What you need to do: Look below for the line with "have [row0_sum row2_sum]". Extract that line and each one after it through the last, word for word.

----

Theorem corollary4p16 (a b c d e f g h k l : nat) :
  (0 < k)%N -> (0 < l)%N ->
  (0 < a + b + c + d)%N -> (0 < e + f)%N -> (0 < g + h)%N ->
  Emat a b c d e f g h k l *m (const_mx 1 : 'cV[int]_(a + b + c + d + e + f + g + h)) = 0 ->
  (const_mx 1 : 'rV[int]_(k + k + l + l)) *m Emat a b c d e f g h k l = 0 ->
  (realizable (Emat a b c d e f g h k l) <->
   ((2 %| (g%:Z - h%:Z))%Z /\ (2 %| (e%:Z - f%:Z))%Z)).
Proof.
move=> k_gt0 l_gt0 abcd_gt0 _ _ E1 _.
have [row0_sum row2_sum] := Emat_row_sums k_gt0 l_gt0 E1.
split.
- case=> A [_ [A01 B01 rowG colG _]].
  have /dvdzP[w abcdE] := even_ab_sub_cd A01 B01 rowG colG abcd_gt0 k_gt0 l_gt0.
  by split; apply/dvdzP; [exists (b%:Z - c%:Z - w) | exists (- w)]; lia.
- case=> /dvdz2_subn_even gh_even /dvdz2_subn_even ef_even.
  exact: realizable_witness.
Qed.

----

Written answer:
have [row0_sum row2_sum] := Emat_row_sums k_gt0 l_gt0 E1.
split.
- case=> A [_ [A01 B01 rowG colG _]].
  have /dvdzP[w abcdE] := even_ab_sub_cd A01 B01 rowG colG abcd_gt0 k_gt0 l_gt0.
  by split; apply/dvdzP; [exists (b%:Z - c%:Z - w) | exists (- w)]; lia.
- case=> /dvdz2_subn_even gh_even /dvdz2_subn_even ef_even.
  exact: realizable_witness.
Qed.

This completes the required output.